According to Chu, this hearing is the result of mistakes made by the SA Elections Committee and in her opinion, Ledig is on the ballot now because of these errors, not because he actually meets the requirements for candidacy.
“The unfortunate reality is that we would not be here tonight, the night before ballots are opened, had the SA Elections Committee performed their duties as described in the SA Constitution and confirmed the eligibility of all candidates before the ballot was presented to the SA,” Chu said. “The fact that mistakes made by the SA Elections Committee have brought us to this point delegitimizes the SA Elections process.”
Grace Wickerson, the SA President, said the SA did not catch the issue of Will’s eligibility because they did not have any prior system of checking individual organization’s requirements.
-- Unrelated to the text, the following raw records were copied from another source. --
Lemma Ebern_indep_bit q m b X : (b < m)%nat ->
  (forall g g', (forall k, k <> b -> g k = g' k) -> X g = X g') ->
  Ebern q m (fun g => X g * indic (g b)) = q * Ebern q m X.
Proof.
  revert X; induction m; intros X Hb HX; [lia|]. simpl.
  destruct (Nat.eq_dec b m) as [->|Hne].
  - rewrite Nat.eqb_refl. unfold indic.
    rewrite (Ebern_ext q m (fun g => X _ * 0) (fun _ => 0)), Ebern_const by (intros; lra).
    rewrite (Ebern_ext q m (fun g => X _ * 1) (fun g => X (fun k => if Nat.eqb k m then true else g k)))
      by (intros; lra).
    rewrite (Ebern_ext q m (fun g => X (fun k => if Nat.eqb k m then false else g k))
                           (fun g => X (fun k => if Nat.eqb k m then true else g k))); [lra|].
    intros g. apply HX. intros k Hk. destruct (Nat.eqb_spec k m); [lia|auto].
  - assert (Hbm : Nat.eqb b m = false) by (apply Nat.eqb_neq; auto). rewrite Hbm.
    rewrite (IHm (fun g => X (fun k => if Nat.eqb k m then true else g k))),
            (IHm (fun g => X (fun k => if Nat.eqb k m then false else g k))); [lra|lia| |lia|];
      intros g g' H; apply HX; intros k Hk; destruct (Nat.eqb k m); auto.
Qed.

(** * Walks in G(n, q) *)

Definition tri (v : nat) : nat := (v * (v - 1) / 2)%nat.

Lemma tri_S v : tri (S v) = (tri v + v)%nat.
Proof.
  unfold tri. replace (S v * (S v - 1))%nat with (v * (v - 1) + v * 2)%nat.
  - rewrite Nat.div_add by lia. auto.
  - destruct v; simpl; nia.
Qed.

Lemma tri_add_le v v' : (v < v')%nat -> (tri v + v <= tri v')%nat.
Proof.
  induction v'; intros H; [lia|]. rewrite tri_S.
  destruct (Nat.eq_dec v v'); [subst; lia|].
  assert (tri v + v <= tri v')%nat by (apply IHv'; lia). lia.
Qed.

Lemma pair_index_inj u v u' v' : (u < v)%nat -> (u' < v')%nat ->
  pair_index u v = pair_index u' v' -> u = u' /\ v = v'.
Proof.
  change (pair_index ?a ?b) with (tri b + a)%nat. intros H1 H2 E.
  destruct (Nat.lt_total v v') as [Hl|[<-|Hl]]; try pose proof (tri_add_le _ _ Hl); lia.
Qed.

Lemma pair_index_lt u v n : (u < v)%nat -> (v < n)%nat -> (pair_index u v < tri n)%nat.
Proof. change (pair_index u v) with (tri v + u)%nat. intros. pose proof (tri_add_le _ _ H0). lia. Qed.

Definition edge_index (u v : nat) : nat :=
  if Nat.ltb u v then pair_index u v else pair_index v u.

Lemma edge_index_inj x y u v : x <> y -> u <> v -> edge_index x y = edge_index u v ->
  (x = u /\ y = v) \/ (x = v /\ y = u).
Proof.
  unfold edge_index; intros.
  destruct (Nat.ltb_spec x y), (Nat.ltb_spec u v);
    match goal with H : pair_index _ _ = pair_index _ _ |- _ => apply pair_index_inj in H; lia end.
Qed.

Lemma edge_index_lt u v n : u <> v -> (u < n)%nat -> (v < n)%nat -> (edge_index u v < tri n)%nat.
Proof. unfold edge_index; intros. destruct (Nat.ltb_spec u v); apply pair_index_lt; lia. Qed.

Lemma adj_edge_index g u v : u <> v -> adj g u v = indic (g (edge_index u v)).
Proof.
  intros H. unfold adj, edge_index, indic.
  destruct (Nat.ltb_spec u v); auto. destruct (Nat.ltb_spec v u); [auto|lia].
Qed.

Lemma adj_diag g u : adj g u u = 0.
Proof. unfold adj. rewrite Nat.ltb_irrefl. auto. Qed.

Lemma adj_01 g u v : adj g u v = 0 \/ adj g u v = 1.
Proof. unfold adj. destruct (Nat.ltb u v), (Nat.ltb v u); try destruct (g _); auto. Qed.

(* A walk is the list of its vertices. *)
Fixpoint walk_weight (A : nat -> nat -> R) (w : list nat) : R :=
  match w with
  | x :: (y :: _) as r => A x y * walk_weight A r
  | _ => 1
  end.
“The checking process at the time was just to check them with Student Judicial Programs to ensure that there was no academic or disciplinary violation,” Wickerson, a Brown College senior, said. “At the time we did not have a process in place of checking candidates’ eligibility per blanket tax organization’s constitution. That was an oversight on our part.”
The case abstract included an opinion from the dissenting members. According to these three members, the RPC constitution explicitly states that candidacy is restricted to executive officers, college representatives, committee co-chairs and committee members. They wrote that Ledig’s experience should therefore not be considered sufficient for eligibility.
“In its decision, the Court has prioritized certain aspects of the RPC constitution while ignoring others,” wrote the dissenting court members. “Ledig should not be allowed to pick and choose which constitutional requirements to fulfill in order to justify a belief that he is a member of RPC.”
The UCourt’s investigative panel was composed of: Sam Morimoto, chair; Sarah Rosenthal, vice-chair; Gabriella Hazan, secretary; Ryan Emelle, Jones representative; Jake Joseph, Lovett representative; Clara Kraebber, Sid Richardson representative; Julia Huang, Martel representative; Hayden Mast, McMurtry representative; and Paige Russell, new student representative.